- Task objective
Return only the final portion of the entries: the line with "Definition ycoord (Y" and every line after it, each one exact.
"""
(* Let $q(y,\eta)=(\eta-Ay)^2+\frac12 Vy\cdot y$, $(y,\eta)\in\mathbb{R}^{2n}$, where $A$ is a real $n\times n$ matrix and $V$ is a complex symmetric $n\times n$ matrix with $\mathrm{Re}\,V\geq 0$. Then the restriction of $q$ to its singular space $S$ is elliptic if and only if the matrix $V$ is invertible.
   Context: For a complex-valued quadratic form $q$ on $\mathbb{R}^{2n}_{y,\eta}$ with $\mathrm{Re}\,q\geq 0$, the singular space is $S=\{Y\in\mathbb{R}^{2n};\ H^k_{\mathrm{Im}\,q}\mathrm{Re}\,q(Y)=0\ \text{for all } k\in\mathbb{N}\}$, where for real $f\in C^1(\mathbb{R}^{2n})$, $H_f=f'_{\eta}\cdot\partial_y-f'_y\cdot\partial_{\eta}$ is its Hamilton vector field. The restriction of $q$ to $S$ is called elliptic if $Y\in S$, $q(Y)=0$ imply $Y=0$. *)

From HB Require Import structures.
From mathcomp Require Import all_boot all_order all_algebra.
From mathcomp Require Import all_classical all_reals all_analysis.
From mathcomp Require Import complex.
Set Implicit Arguments. Unset Strict Implicit. Unset Printing Implicit Defensive.
Import Order.TTheory GRing.Theory Num.Theory.
Import numFieldNormedType.Exports.
Local Open Scope ring_scope.

Section Defs.
Variables (R : realType) (n : nat).

Definition ycoord (Y : 'rV[R]_(n + n)) : 'rV[R]_n := lsubmx Y.
Definition etacoord (Y : 'rV[R]_(n + n)) : 'rV[R]_n := rsubmx Y.

Definition e_y (j : 'I_n) : 'rV[R]_(n + n) := delta_mx 0 (lshift n j).
Definition e_eta (j : 'I_n) : 'rV[R]_(n + n) := delta_mx 0 (rshift n j).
"""
- Solution
Definition ycoord (Y : 'rV[R]_(n + n)) : 'rV[R]_n := lsubmx Y.
Definition etacoord (Y : 'rV[R]_(n + n)) : 'rV[R]_n := rsubmx Y.

Definition e_y (j : 'I_n) : 'rV[R]_(n + n) := delta_mx 0 (lshift n j).
Definition e_eta (j : 'I_n) : 'rV[R]_(n + n) := delta_mx 0 (rshift n j).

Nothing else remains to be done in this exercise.